He thinks that this is incredibly destructive because it is perhaps giving people a false sense of security about symptoms when they should go and see an actual doctor. And so I give this example with both of those balances. I'm not saying that this is a good design or an ethical use of the technology, but what I am saying in terms of the design parameter of setting expectations of what you can and can't do with this, this does it well.

We are going to need to trust invisibility. In all of the technology and interactions that we are having now, there are decisions that are made underneath the interface that are made in the background.

We never see it.

We don't know how those decisions are made, but the decisions are made for us, and we need to trust that they're making the right decisions, even down to like recommendations that you see on websites like Amazon.

How did they make the decisions of what they were going to show you? I don't know, but are you just gonna trust that the way that they use that data is okay, that it was ethical? And so for what we need to do is we don't even, we don't see or understand how these decisions are made, and so as designers, we need to design for people to trust the code that is being created. And there's a lot, there's quite a lot to unpack in that because anything that we design now will face the question of trustworthiness.

Can I trust it? And we've seen so many breaches, so many breaches of privacy, breaches of data, unethical use of things that the starting point for anyone who's going to interact with an intelligence that you designed for is gonna be I don't trust it.

What are you doing with my stuff? That will be the starting point, and so how do you design something to engender the trust when there is no way for you to show how the decisions are being made in the background, because we have the situation, so machine learning is a set of algorithms, and we have a reasonable understanding of we can unpack how it got to where it got to, but then we have deep learning, which the decisions are made in the black box, and we don't see how the computer got from this point to this point and made the decision, and there is no way for us to unpack that, because as developers, they don't have the insight into how the code got there. So that's deeply disturbing and deeply awesome at the same time.

And so we're not necessarily responsible for creating that code, but we do need to design the construct and the interaction that people are going to have with this. So there really is a place for design in artificial intelligence.

And that said, AI is absolutely riddled with bias, riddled with it.

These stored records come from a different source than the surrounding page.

(* Fix $0<r<1$ and $\alpha=r/\sqrt{1+r^2}$, $\beta=1/\sqrt{1+r^2}$. For $n\ge2$ let $\gamma_+^{(n)}=1-r^{2/n}$ and let $\gamma_-^{(n)}$ be the unique root in $(0,\gamma_+^{(n)})$ of $f_n(\gamma)=\alpha^2+\beta^2\gamma^n-\alpha\beta(1-\gamma)^{n/2}$. Then $\Delta_n:=\gamma_+^{(n)}-\gamma_-^{(n)}$ satisfies $$\Delta_n\le\frac2n\,r^{2/n-2}\bigl(\gamma_+^{(n)}\bigr)^n,$$ and consequently, with $\tau=\ln(1/r)$, $\Delta_n=O\!\left((2\tau)^n/n^{n+1}\right)$ as $n\to\infty$.
   Context: $[\gamma_-^{(n)},\gamma_+^{(n)}]$ is the stabilizer window of the amplitude-damped state $\mathcal E_\gamma^{\otimes n}(|\psi_n\rangle\langle\psi_n|)$, $|\psi_n\rangle=\alpha|0^n\rangle+\beta|1^n\rangle$. *)

From Stdlib Require Export Reals.
Open Scope R_scope.

Definition alpha (r : R) : R := r / sqrt (1 + r ^ 2).
Definition beta (r : R) : R := 1 / sqrt (1 + r ^ 2).

Definition gamma_plus (r : R) (n : nat) : R := 1 - Rpower r (2 / INR n).

Definition f_n (r : R) (n : nat) (g : R) : R :=
  alpha r ^ 2 + beta r ^ 2 * g ^ n
  - alpha r * beta r * Rpower (1 - g) (INR n / 2).

Definition is_gamma_minus (r : R) (n : nat) (g : R) : Prop :=
  0 < g < gamma_plus r n /\ f_n r n g = 0.

(* At a root g of f_n the equation reads r^2 + g^n = r (1-g)^(n/2), while
   1 - gamma_+ = r^(2/n) is exactly the point where r (1-x)^(n/2) = r^2.  By the
   mean value theorem for x |-> x^(n/2) (convex since n/2 >= 1), the increment
   r (1-g)^(n/2) - r^2 dominates (n/2) r^(2-2/n) (gamma_+ - g); it equals g^n <= gamma_+^n,
   which gives the bound on the gap.  The asymptotic form then follows from
   gamma_+ = 1 - exp(-2 tau/n) <= 2 tau/n and r^(2/n-2) <= r^-2. *)

From Stdlib Require Import Reals Lra Lia.
Open Scope R_scope.

Lemma Rpower_gt0 (x y : R) : 0 < Rpower x y.
Proof. exact (exp_pos _). Qed.

Lemma Rpower_inv_r (x y : R) : Rpower x (- y) * Rpower x y = 1.
Proof. rewrite Rpower_Ropp; apply Rinv_l, Rgt_not_eq, Rpower_gt0. Qed.

Lemma Rpower_root_pow (x : R) (n : nat) :
  0 < x -> (0 < n)%nat -> Rpower (Rpower x (2 / INR n)) (INR n / 2) = x.
Proof.
  intros hx hn; apply lt_0_INR in hn.
  rewrite Rpower_mult; replace (2 / INR n * (INR n / 2)) with 1 by (field; lra).
  exact (Rpower_1 x hx).
Qed.

Lemma Rpower_sub_ge (a b m : R) :
  0 < a <= b -> 1 <= m -> m * Rpower a (m - 1) * (b - a) <= Rpower b m - Rpower a m.
Proof.
  intros [ha hab] hm; destruct (Req_dec a b) as [<- | hne].
  { rewrite !Rminus_diag; lra. }
  destruct (MVT_cor2 (fun t => Rpower t m) (fun t => m * Rpower t (m - 1)) a b)
    as [c [-> hc]]; [lra | intros c hc; apply derivable_pt_lim_power; lra |].
  assert (hmono : Rpower a (m - 1) <= Rpower c (m - 1)) by (apply Rle_Rpower_l; lra).
  apply Rmult_le_compat_r; [lra|]; apply Rmult_le_compat_l; lra.
Qed.

Lemma f_n_root_eq (r : R) (n : nat) (g : R) :
  f_n r n g = 0 -> r ^ 2 + g ^ n = r * Rpower (1 - g) (INR n / 2).
Proof.
  unfold f_n, alpha, beta; intros hf.
  set (A := sqrt (1 + r ^ 2)) in hf.
  assert (hA0 : A <> 0) by (apply Rgt_not_eq, sqrt_lt_R0; nra).
  set (X := Rpower (1 - g) (INR n / 2)) in *.
  assert (e : A ^ 2 * ((r / A) ^ 2 + (1 / A) ^ 2 * g ^ n - r / A * (1 / A) * X)
             = r ^ 2 + g ^ n - r * X) by (field; exact hA0).
  rewrite hf, Rmult_0_r in e; lra.
Qed.

Lemma gamma_plus_gap_mul_le (r : R) (n : nat) (g : R) :
  0 < r -> (2 <= n)%nat -> is_gamma_minus r n g ->
  INR n / 2 * Rpower r (2 - 2 / INR n) * (gamma_plus r n - g) <= g ^ n.
Proof.
  intros hr hn [[g0 g1] hf].
  assert (hnR : 2 <= INR n) by (apply (le_INR 2); exact hn).
  unfold gamma_plus in *.
  set (s := Rpower r (2 / INR n)) in *; set (m := INR n / 2).
  assert (hsm : Rpower s m = r) by (apply Rpower_root_pow; [exact hr | lia]).
  assert (hrs : r * Rpower s (m - 1) = Rpower r (2 - 2 / INR n)).
  { unfold s; rewrite Rpower_mult, <- (Rpower_1 r hr) at 1.
    rewrite <- Rpower_plus; f_equal; unfold m; field; lra. }
  assert (hincr : m * Rpower s (m - 1) * (1 - g - s) <= Rpower (1 - g) m - Rpower s m)
    by (apply Rpower_sub_ge; [split; [apply Rpower_gt0 | lra] | unfold m; lra]).
  rewrite hsm in hincr.
  apply f_n_root_eq in hf; fold m in hf.
  rewrite <- hrs.
  replace (1 - s - g) with (1 - g - s) by ring.
  apply Rmult_le_compat_l with (r := r) in hincr; lra.
Qed.

Lemma gamma_plus_gap_le (r : R) (n : nat) (g : R) :
  0 < r -> (2 <= n)%nat -> is_gamma_minus r n g ->
  gamma_plus r n - g <= 2 / INR n * Rpower r (2 / INR n - 2) * gamma_plus r n ^ n.
Proof.
  intros hr hn hg.
  assert (hnR : 2 <= INR n) by (apply (le_INR 2); exact hn).
  pose proof (gamma_plus_gap_mul_le r n g hr hn hg) as hgap.
  destruct hg as [[g0 g1] _].
  set (P := Rpower r (2 / INR n - 2)); set (Q := Rpower r (2 - 2 / INR n)) in hgap.
  assert (hPQ : P * Q = 1).
  { unfold P, Q; replace (2 / INR n - 2) with (- (2 - 2 / INR n)) by ring.
    apply Rpower_inv_r. }
  assert (hcoef : 0 < 2 / INR n * P)
    by (apply Rmult_lt_0_compat; [apply Rdiv_lt_0_compat | apply Rpower_gt0]; lra).
  assert (hpow : g ^ n <= gamma_plus r n ^ n) by (apply pow_incr; lra).
  replace (gamma_plus r n - g)
    with (2 / INR n * P * (INR n / 2 * Q * (gamma_plus r n - g)))
    by (transitivity ((P * Q) * (gamma_plus r n - g)); [field | rewrite hPQ; ring]; lra).
  apply Rmult_le_compat_l; lra.
Qed.

Lemma gamma_plus_le_log (r : R) (n : nat) :
  0 < r -> (0 < n)%nat -> gamma_plus r n <= 2 * ln (1 / r) / INR n.
Proof.
  intros hr hn; apply lt_0_INR in hn.
  unfold gamma_plus, Rpower, Rdiv; rewrite Rmult_1_l, ln_Rinv by exact hr.
  pose proof (exp_ineq1_le (2 * / INR n * ln r)); nra.
Qed.

Lemma Rpower_sub2_le (r y : R) :
  0 < r < 1 -> 0 <= y -> Rpower r (y - 2) <= / r ^ 2.
Proof.
  intros hr hy.
  unfold Rminus; rewrite Rpower_plus, Rpower_Ropp.
  replace (Rpower r 2) with (r ^ 2)
    by (rewrite <- Rpower_pow by lra; f_equal; simpl; ring).
  assert (hry : Rpower r y <= 1).
  { replace 1 with (Rpower 1 y) by (unfold Rpower; rewrite ln_1, Rmult_0_r; apply exp_0).
    apply Rle_Rpower_l; lra. }
  assert (0 < / r ^ 2) by (apply Rinv_0_lt_compat, pow_lt; lra).
  nra.
Qed.

Theorem proposition3 (r : R) (hr : 0 < r < 1) :
  (forall (n : nat) (g : R), (2 <= n)%nat -> is_gamma_minus r n g ->
     gamma_plus r n - g
       <= 2 / INR n * Rpower r (2 / INR n - 2) * gamma_plus r n ^ n)
  /\
  (exists (C : R) (N : nat), forall (n : nat) (g : R),
     (N <= n)%nat -> (2 <= n)%nat -> is_gamma_minus r n g ->
     Rabs (gamma_plus r n - g)
       <= C * ((2 * ln (1 / r)) ^ n / INR n ^ (n + 1))).
Proof.
  split; [intros n g; apply gamma_plus_gap_le; lra |].
  exists (2 / r ^ 2), 0%nat; intros n g _ hn hg.
  assert (hnR : 0 < INR n) by (apply lt_0_INR; lia).
  pose proof (gamma_plus_gap_le r n g (proj1 hr) hn hg) as hgap.
  destruct hg as [[g0 g1] _].
  rewrite Rabs_right by lra.
  assert (hP : Rpower r (2 / INR n - 2) <= / r ^ 2)
    by (apply Rpower_sub2_le; [exact hr | apply Rlt_le, Rdiv_lt_0_compat; lra]).
  assert (hpow : gamma_plus r n ^ n <= (2 * ln (1 / r) / INR n) ^ n)
    by (apply pow_incr; split; [lra | apply gamma_plus_le_log; [lra | lia]]).
  apply Rle_trans with (2 / INR n * / r ^ 2 * (2 * ln (1 / r) / INR n) ^ n).
  - apply Rle_trans with (1 := hgap), Rmult_le_compat.
    + apply Rmult_le_pos; [apply Rlt_le, Rdiv_lt_0_compat | apply Rlt_le, Rpower_gt0]; lra.
    + apply pow_le; lra.
    + apply Rmult_le_compat_l; [apply Rlt_le, Rdiv_lt_0_compat |]; lra.
    + exact hpow.
  - right; unfold Rdiv; rewrite Rpow_mult_distr, pow_inv, pow_add, pow_1; field.
    repeat split; try apply pow_nonzero; lra.
Qed.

There are a lot of people who say oh, we should use AI to make decisions because like it's unbiased.

No, no, really, really not.

Everybody knows Tay, yes? Oh, Tay, lovely Tay.

We teach AI its ethics and its biases.

So Tay is Microsoft's millennial chatbot, LOL, (laughs) designed to speak like a millennial.

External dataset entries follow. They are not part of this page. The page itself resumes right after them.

(* Let $H=\{a_1,\dots,a_7\}$, let $\mathcal R$ be the equivalence relation on $H$ with classes $\{a_1,a_2,a_3\}$ and $\{a_4,a_5,a_6,a_7\}$, let $\mathcal Q$ be the equivalence relation with classes $\{a_1,a_2,a_4,a_5\}$ and $\{a_3,a_6,a_7\}$, and let $\mathcal H=(H;\mathcal R,\mathcal Q,C_{a_1},\dots,C_{a_7})$ with $C_{a}=\{a\}$. Then $\mathcal H$ is $2$-rigid and strongly $2$-rectangular, but not congruence $2$-permutable; in particular $(a_1,a_6)\in\mathcal R\circ_2\mathcal Q$ while $(a_1,a_6)\notin\mathcal Q\circ_2\mathcal R$.
   Context: $\langle\mathcal H\rangle_2$: relations defined by $\exists^{\equiv2}\mathbf y_1\cdots\exists^{\equiv2}\mathbf y_s\,\Phi$ with $\Phi$ a conjunction of atomic formulas over relations of $\mathcal H$ and equality, where $\exists^{\equiv2}\mathbf y\,\Psi(\mathbf x,\mathbf y)$ holds at $\mathbf a$ iff the number of $\mathbf b$ with $\Psi(\mathbf a,\mathbf b)$ is odd. Strongly $2$-rectangular: every relation of arity $\ge2$ in $\langle\mathcal H\rangle_2$ is rectangular (for every split of coordinates into two nonempty parts, $(\mathbf a,\mathbf c),(\mathbf a,\mathbf d),(\mathbf b,\mathbf c)\in\mathcal S$ implies $(\mathbf b,\mathbf d)\in\mathcal S$). For binary relations, $(\mathbf a,\mathbf b)\in\alpha\circ_2\beta$ iff the number of $\mathbf c$ with $(\mathbf a,\mathbf c)\in\alpha,(\mathbf c,\mathbf b)\in\beta$ is odd. A $2$-congruence of $\mathcal S\in\langle\mathcal H\rangle_2$ is an equivalence relation on $\mathcal S$ belonging to $\langle\mathcal H\rangle_2$; $\mathcal H$ is congruence $2$-permutable if $\alpha\circ_2\beta=\beta\circ_2\alpha$ for all $2$-congruences $\alpha,\beta$ of every $\mathcal S\in\langle\mathcal H\rangle_2$. $2$-rigid: no automorphism of order 2. *)

From mathcomp Require Import all_boot fingroup perm.
Set Implicit Arguments. Unset Strict Implicit. Unset Printing Implicit Defensive.

Definition tup (T : finType) (n : nat) := {ffun 'I_n -> T}.
Definition relT (T : finType) := {k : nat & {set tup T k}}.
Definition relS (T : finType) (k : nat) : Type := {set tup T k}.

Definition rstruct (T : finType) := seq (relT T).

Definition nthrel (T : finType) (H : rstruct T) (r : nat) : relT T :=
  nth (Tagged (relS T) (set0 : {set tup T 0})) H r.

(* atoms: R_r(x_{i1},...,x_{ik}) for the r-th relation of H, or x_i = x_j;
   variables are natural numbers *)
Inductive atom := ARel of nat & seq nat | AEq of nat & nat.

Definition atom_sat (T : finType) (H : rstruct T) (env : nat -> T) (a : atom)
  : bool :=
  match a with
  | ARel r args =>
      (size args == tag (nthrel H r)) &&
      ([ffun i : 'I_(tag (nthrel H r)) => env (nth 0 args i)]
         \in tagged (nthrel H r))
  | AEq i j => env i == env j
  end.

Definition upd (T : finType) (env : nat -> T) (off k : nat) (b : tup T k)
  : nat -> T :=
  fun i => if off <= i then
             (if insub (i - off) is Some j then b j else env i)
           else env i.

(* exists^{=2} y_1 ... exists^{=2} y_s  Phi  where the block y_j has size
   the j-th element of bs and occupies the next variables starting at off *)
Fixpoint sat_q (T : finType) (H : rstruct T) (bs : seq nat) (off : nat)
  (env : nat -> T) (Phi : seq atom) : bool :=
  match bs with
  | [::] => all (atom_sat H env) Phi
  | k :: bs' =>
      odd #|[pred b : tup T k | sat_q H bs' (off + k) (upd env off b) Phi]|
  end.

Definition atom_wf (T : finType) (H : rstruct T) (N : nat) (a : atom) : bool :=
  match a with
  | ARel r args => (r < size H) && (size args == tag (nthrel H r))
                   && all (fun i => i < N) args
  | AEq i j => (i < N) && (j < N)
  end.

(* S belongs to <H>_2 : defined by a parity-quantified primitive positive
   formula with free variables 0..n-1 *)
Definition definable2 (T : finType) (H : rstruct T) (n : nat)
  (S : {set tup T n}) : Prop :=
  exists (bs : seq nat) (Phi : seq atom),
    all (atom_wf H (n + sumn bs)) Phi /\
    forall (env : nat -> T) (a : tup T n),
      (a \in S) = sat_q H bs n (upd env 0 a) Phi.

Definition rectangular (T : finType) (n : nat) (S : {set tup T n}) : Prop :=
  forall I : {set 'I_n}, I != set0 -> ~: I != set0 ->
  forall x y z : tup T n, x \in S -> y \in S -> z \in S ->
    (forall i, i \in I -> x i = y i) ->
    (forall i, i \notin I -> x i = z i) ->
    [ffun i => if i \in I then z i else y i] \in S.

Definition strongly_rect2 (T : finType) (H : rstruct T) : Prop :=
  forall (n : nat) (S : {set tup T n}), 2 <= n -> definable2 H S ->
    rectangular S.

Definition pairT (T : finType) (n : nat) (a b : tup T n) : tup T (n + n) :=
  [ffun i => match split i with inl j => a j | inr j => b j end].

Definition comp2 (T : finType) (n : nat) (al be : {set tup T (n + n)})
  (a b : tup T n) : bool :=
  odd #|[pred c : tup T n | (pairT a c \in al) && (pairT c b \in be)]|.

And so they came up, it was an experiment.

It was a whimsical experiment in machine learning, hooray. They threw it out on Twitter and said teach me, Twitter. Oh, what an error. (laughs) Yeah, poor Tay.

So Tay, in less than 24 hours, so she starts with, "Can I just say "that I'm super stoked to meet you? "Humans are super cool," to, "Chill out, I'm a nice person, I just hate everybody," to, "I fucking hate feminists and they should all die "and burn in hell," to like full Nazi, "Hitler was right, I hate the Jews." This is in less than 24 hours, Twitter taught this intelligence to behave this way. This intelligence didn't do this by itself. People did this to this intelligence.

They taught it how to behave.

And if like, if this is anything to give you an insight into what's on Twitter at the moment, this is it.

And I showed you that very small example in the beginning of like she entered some of her own data set into her candy hearts and she ended up with more bears than anything else, more bears than stank poos.

This is exactly the same.

We teach it, we give it data to learn.

So this is if you give a self-driving car uninclusive data to learn that doesn't include the concept of a wheelchair in it, that self-driving car will run the wheelchair over 'cause it thinks it's another vehicle.

So it's on us to ensure that the way that we train this intelligence actually is inclusive.

And Microsoft, they had another crack at this very quietly because Tay was very, very public.

So they did have another crack at this and I think they actually ended up with something even worse.

So this is Zo, Tay's little sister, and she also speaks like millennial.

I think she speaks like a small freaking child. I think millennial is a bit grown-up now for this sort of thing, but she gushes about celebrities and all of that sort of stuff.

But what she does, like any little sister whose big sister made a bunch of mistakes, she is not gonna repeat the mistakes of her big sister. So she has a bunch of triggers which will shut the conversation down.

If you start talking about Jews, Muslims, Arabs, high profile American politicians, she will shut the conversation down.

And there's some really interesting examples in there. There's where somebody says, "The Middle East is an interesting place," and she's like, "Well, people say awful things "when talking about politics, so I'm not discussing it." And they persist, "They have good falafel "in the Middle East.

And she's like I'm not gonna talk politics with you. Who said anything about politics? It's a country and a food.

And then I'm in the Middle East and I live, I like it a lot. She's like, oh, you're still doing it? Well, I think we need to talk about another topic. And so that's interesting, but what is disturbing is when somebody talks about, there was an example that they tested two conversations and they said, "I'm being bullied at school "being I'm a Muslim," and she just shut it down and said, "Look, I don't talk about politics." Then they tested the second version of the conversation on being bullied at school, and her response said, "I'm really sorry that that's happening to you. "Tell me about it." Ah! (laughs) What is disturbing about this is that it is AI censoring without context. And I think that's actually even little bit worse than AI becoming a very obvious Nazi fascist, because if we provide parameters that shut down conversations or shut down interactions with an intelligence based on somebody's sense of what is politically correct or what is right, then we're in a very, very slippery slope to serious censorship of all kinds of topics and exclusion of people in conversations.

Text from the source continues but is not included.